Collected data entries
========================================
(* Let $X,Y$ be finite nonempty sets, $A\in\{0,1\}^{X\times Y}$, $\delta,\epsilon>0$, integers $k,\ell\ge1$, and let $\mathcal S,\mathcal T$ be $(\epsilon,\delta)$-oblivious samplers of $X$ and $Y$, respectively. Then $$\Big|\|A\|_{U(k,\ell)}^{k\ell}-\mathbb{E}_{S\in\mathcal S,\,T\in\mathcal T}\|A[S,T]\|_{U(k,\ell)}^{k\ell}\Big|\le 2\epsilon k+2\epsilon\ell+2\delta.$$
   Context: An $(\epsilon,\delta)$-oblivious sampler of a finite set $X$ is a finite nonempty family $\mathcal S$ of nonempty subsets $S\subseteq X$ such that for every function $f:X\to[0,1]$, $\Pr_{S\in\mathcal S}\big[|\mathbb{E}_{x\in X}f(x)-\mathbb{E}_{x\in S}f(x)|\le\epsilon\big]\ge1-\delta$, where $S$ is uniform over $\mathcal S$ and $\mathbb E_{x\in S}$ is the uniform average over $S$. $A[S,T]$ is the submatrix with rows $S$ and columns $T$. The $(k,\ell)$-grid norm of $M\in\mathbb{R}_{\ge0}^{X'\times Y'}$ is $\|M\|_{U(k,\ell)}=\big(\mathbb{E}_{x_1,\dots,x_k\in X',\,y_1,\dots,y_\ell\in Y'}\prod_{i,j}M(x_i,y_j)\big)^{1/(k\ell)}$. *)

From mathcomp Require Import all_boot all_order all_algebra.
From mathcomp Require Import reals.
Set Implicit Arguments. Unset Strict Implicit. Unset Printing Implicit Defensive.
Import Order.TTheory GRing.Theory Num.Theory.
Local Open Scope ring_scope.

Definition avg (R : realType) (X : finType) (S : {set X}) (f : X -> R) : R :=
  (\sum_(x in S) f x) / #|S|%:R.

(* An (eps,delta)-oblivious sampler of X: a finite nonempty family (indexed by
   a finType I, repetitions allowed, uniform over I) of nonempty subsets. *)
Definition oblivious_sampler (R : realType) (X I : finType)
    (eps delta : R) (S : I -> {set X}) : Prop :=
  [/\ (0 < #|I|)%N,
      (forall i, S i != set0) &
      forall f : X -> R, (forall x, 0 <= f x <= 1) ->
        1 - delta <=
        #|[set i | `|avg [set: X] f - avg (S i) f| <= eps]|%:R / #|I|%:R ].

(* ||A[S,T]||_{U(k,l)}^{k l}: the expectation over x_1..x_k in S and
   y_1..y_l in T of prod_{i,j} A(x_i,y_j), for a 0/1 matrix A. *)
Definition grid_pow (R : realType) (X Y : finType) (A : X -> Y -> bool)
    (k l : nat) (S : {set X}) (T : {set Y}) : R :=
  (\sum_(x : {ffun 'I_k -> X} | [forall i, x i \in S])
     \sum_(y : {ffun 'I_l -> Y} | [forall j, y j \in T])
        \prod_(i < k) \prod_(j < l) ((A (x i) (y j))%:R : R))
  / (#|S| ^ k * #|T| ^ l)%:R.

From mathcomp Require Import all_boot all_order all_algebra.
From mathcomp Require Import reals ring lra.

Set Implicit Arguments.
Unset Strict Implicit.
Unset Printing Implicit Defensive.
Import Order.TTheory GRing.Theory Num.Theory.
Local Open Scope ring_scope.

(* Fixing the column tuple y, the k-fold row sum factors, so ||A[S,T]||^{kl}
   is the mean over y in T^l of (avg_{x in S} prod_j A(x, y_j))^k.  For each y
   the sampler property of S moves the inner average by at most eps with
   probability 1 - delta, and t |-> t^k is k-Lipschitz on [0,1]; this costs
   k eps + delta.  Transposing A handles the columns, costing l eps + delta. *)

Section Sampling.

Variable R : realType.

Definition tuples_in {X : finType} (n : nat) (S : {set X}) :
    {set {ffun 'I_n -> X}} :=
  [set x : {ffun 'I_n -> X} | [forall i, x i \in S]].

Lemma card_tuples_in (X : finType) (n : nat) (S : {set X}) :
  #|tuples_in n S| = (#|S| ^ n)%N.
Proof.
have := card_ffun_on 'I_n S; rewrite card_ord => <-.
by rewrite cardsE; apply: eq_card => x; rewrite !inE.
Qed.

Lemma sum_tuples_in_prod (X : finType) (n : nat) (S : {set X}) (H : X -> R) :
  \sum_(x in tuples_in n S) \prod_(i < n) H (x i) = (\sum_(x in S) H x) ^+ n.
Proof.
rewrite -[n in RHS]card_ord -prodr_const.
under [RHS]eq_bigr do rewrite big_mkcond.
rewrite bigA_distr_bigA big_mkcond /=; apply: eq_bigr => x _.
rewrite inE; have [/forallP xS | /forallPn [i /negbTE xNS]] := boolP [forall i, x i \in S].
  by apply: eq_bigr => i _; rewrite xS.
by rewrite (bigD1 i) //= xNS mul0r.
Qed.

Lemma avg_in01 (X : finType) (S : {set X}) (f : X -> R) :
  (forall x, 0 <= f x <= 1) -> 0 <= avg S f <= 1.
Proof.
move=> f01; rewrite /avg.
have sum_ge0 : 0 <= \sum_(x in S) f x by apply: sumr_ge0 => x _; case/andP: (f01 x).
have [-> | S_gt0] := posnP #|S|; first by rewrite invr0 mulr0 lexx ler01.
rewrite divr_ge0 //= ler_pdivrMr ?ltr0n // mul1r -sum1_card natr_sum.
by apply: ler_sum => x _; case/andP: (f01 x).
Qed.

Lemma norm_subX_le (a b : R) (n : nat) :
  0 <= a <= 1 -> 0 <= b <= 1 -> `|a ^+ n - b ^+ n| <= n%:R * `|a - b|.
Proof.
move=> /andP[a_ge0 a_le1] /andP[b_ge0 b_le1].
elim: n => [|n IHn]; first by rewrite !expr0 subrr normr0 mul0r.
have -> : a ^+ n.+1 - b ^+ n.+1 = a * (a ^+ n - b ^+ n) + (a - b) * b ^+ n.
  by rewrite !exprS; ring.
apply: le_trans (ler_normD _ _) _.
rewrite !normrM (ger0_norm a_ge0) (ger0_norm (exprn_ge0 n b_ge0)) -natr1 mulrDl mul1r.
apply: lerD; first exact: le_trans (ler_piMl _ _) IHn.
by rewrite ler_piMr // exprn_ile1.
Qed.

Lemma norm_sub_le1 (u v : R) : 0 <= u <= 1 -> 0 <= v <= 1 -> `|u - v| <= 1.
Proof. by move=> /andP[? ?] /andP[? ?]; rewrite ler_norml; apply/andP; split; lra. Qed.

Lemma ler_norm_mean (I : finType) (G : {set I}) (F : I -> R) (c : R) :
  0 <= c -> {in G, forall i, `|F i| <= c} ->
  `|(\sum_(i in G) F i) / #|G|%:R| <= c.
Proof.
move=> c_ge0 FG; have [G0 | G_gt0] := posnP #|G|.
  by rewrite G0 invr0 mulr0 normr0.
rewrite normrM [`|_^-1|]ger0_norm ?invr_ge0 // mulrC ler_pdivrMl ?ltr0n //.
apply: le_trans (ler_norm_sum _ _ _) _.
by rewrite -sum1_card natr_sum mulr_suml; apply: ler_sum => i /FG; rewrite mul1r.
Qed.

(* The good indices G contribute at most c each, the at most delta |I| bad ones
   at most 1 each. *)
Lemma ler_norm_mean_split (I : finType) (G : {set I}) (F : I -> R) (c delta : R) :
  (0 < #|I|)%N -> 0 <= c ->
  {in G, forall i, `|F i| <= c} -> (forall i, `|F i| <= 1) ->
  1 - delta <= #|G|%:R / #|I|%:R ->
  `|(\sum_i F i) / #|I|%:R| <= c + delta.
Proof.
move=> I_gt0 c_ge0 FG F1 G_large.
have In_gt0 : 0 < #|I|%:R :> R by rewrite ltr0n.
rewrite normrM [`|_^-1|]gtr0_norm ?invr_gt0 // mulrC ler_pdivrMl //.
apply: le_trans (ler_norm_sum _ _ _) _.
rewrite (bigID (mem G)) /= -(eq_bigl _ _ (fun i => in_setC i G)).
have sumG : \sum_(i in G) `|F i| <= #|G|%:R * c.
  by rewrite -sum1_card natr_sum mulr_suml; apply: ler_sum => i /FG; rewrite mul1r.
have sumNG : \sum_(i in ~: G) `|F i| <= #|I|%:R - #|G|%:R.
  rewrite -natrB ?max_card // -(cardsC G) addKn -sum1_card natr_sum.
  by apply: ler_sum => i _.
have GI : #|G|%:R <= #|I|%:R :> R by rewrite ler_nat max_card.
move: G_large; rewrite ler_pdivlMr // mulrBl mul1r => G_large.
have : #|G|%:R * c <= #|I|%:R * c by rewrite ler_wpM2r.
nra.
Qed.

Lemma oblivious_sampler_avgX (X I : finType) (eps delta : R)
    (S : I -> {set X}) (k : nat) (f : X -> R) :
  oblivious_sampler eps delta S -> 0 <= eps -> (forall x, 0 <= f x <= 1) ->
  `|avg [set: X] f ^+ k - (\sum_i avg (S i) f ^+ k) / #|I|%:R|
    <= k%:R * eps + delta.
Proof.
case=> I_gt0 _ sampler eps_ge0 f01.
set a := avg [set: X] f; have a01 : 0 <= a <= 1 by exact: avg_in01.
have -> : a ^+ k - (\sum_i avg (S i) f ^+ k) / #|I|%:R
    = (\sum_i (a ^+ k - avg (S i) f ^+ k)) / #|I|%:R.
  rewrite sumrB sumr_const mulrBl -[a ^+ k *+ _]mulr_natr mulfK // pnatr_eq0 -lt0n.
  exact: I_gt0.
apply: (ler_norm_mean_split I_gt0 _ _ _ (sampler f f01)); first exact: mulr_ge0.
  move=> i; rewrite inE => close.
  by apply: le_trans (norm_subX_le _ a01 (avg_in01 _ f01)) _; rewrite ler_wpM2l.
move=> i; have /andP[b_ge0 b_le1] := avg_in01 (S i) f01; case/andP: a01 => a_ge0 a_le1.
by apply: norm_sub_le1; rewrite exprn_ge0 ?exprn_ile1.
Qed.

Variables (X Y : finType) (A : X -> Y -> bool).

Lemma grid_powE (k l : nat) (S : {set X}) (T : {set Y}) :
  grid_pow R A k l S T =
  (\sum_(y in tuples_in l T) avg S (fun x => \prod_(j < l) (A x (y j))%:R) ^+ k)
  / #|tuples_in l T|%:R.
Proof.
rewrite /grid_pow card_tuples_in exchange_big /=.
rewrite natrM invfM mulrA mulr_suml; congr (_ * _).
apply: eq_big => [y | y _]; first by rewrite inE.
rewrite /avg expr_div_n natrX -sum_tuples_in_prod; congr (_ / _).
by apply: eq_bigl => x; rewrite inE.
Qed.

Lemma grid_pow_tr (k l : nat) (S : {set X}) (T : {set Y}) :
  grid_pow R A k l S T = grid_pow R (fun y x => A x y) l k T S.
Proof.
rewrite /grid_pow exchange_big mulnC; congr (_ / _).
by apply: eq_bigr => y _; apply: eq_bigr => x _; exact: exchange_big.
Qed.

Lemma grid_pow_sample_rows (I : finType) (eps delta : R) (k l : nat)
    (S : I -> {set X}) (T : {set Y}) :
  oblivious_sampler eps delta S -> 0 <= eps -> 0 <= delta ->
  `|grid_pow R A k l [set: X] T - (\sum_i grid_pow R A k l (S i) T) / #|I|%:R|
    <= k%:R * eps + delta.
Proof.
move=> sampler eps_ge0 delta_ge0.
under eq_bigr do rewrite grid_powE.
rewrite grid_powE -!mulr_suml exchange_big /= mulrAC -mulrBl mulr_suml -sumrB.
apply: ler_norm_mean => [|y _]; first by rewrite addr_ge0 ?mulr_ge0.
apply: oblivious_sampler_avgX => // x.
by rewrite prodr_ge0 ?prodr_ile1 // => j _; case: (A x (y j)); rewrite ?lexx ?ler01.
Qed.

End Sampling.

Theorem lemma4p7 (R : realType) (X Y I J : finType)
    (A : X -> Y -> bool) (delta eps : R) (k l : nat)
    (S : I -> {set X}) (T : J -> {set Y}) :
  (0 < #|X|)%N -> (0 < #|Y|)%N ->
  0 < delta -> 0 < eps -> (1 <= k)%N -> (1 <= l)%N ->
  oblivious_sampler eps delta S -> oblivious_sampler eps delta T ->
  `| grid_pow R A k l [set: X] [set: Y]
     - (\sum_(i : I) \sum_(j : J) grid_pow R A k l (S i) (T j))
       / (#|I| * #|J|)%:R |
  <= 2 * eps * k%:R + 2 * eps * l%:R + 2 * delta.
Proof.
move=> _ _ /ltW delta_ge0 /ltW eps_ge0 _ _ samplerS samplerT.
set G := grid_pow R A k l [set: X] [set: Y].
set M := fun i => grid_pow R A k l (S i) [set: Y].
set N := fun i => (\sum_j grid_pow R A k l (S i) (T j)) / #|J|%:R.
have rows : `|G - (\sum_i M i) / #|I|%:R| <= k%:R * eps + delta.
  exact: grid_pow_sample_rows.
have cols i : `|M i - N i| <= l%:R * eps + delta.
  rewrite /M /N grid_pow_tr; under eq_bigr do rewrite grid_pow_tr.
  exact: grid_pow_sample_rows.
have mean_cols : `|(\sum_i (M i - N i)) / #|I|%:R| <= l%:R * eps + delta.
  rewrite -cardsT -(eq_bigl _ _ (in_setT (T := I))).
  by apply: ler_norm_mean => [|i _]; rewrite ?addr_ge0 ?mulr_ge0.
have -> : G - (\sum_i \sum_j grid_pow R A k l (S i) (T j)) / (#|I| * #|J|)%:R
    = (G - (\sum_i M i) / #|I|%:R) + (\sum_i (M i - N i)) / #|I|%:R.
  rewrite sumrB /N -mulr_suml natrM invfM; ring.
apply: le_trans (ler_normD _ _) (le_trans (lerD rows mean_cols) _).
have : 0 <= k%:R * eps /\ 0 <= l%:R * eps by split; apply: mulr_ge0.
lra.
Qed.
========================================
* Task details
Your answer should consist only of the lines above between the line holding "by apply: norm_sub_le1;" and the line holding "Theorem lemma4p7 (R", inclusive, each transcribed exactly.

* Exercise output
by apply: norm_sub_le1; rewrite exprn_ge0 ?exprn_ile1.
Qed.

Variables (X Y : finType) (A : X -> Y -> bool).

Lemma grid_powE (k l : nat) (S : {set X}) (T : {set Y}) :
  grid_pow R A k l S T =
  (\sum_(y in tuples_in l T) avg S (fun x => \prod_(j < l) (A x (y j))%:R) ^+ k)
  / #|tuples_in l T|%:R.
Proof.
rewrite /grid_pow card_tuples_in exchange_big /=.
rewrite natrM invfM mulrA mulr_suml; congr (_ * _).
apply: eq_big => [y | y _]; first by rewrite inE.
rewrite /avg expr_div_n natrX -sum_tuples_in_prod; congr (_ / _).
by apply: eq_bigl => x; rewrite inE.
Qed.

Lemma grid_pow_tr (k l : nat) (S : {set X}) (T : {set Y}) :
  grid_pow R A k l S T = grid_pow R (fun y x => A x y) l k T S.
Proof.
rewrite /grid_pow exchange_big mulnC; congr (_ / _).
by apply: eq_bigr => y _; apply: eq_bigr => x _; exact: exchange_big.
Qed.

Lemma grid_pow_sample_rows (I : finType) (eps delta : R) (k l : nat)
    (S : I -> {set X}) (T : {set Y}) :
  oblivious_sampler eps delta S -> 0 <= eps -> 0 <= delta ->
  `|grid_pow R A k l [set: X] T - (\sum_i grid_pow R A k l (S i) T) / #|I|%:R|
    <= k%:R * eps + delta.
Proof.
move=> sampler eps_ge0 delta_ge0.
under eq_bigr do rewrite grid_powE.
rewrite grid_powE -!mulr_suml exchange_big /= mulrAC -mulrBl mulr_suml -sumrB.
apply: ler_norm_mean => [|y _]; first by rewrite addr_ge0 ?mulr_ge0.
apply: oblivious_sampler_avgX => // x.
by rewrite prodr_ge0 ?prodr_ile1 // => j _; case: (A x (y j)); rewrite ?lexx ?ler01.
Qed.

End Sampling.

Theorem lemma4p7 (R : realType) (X Y I J : finType)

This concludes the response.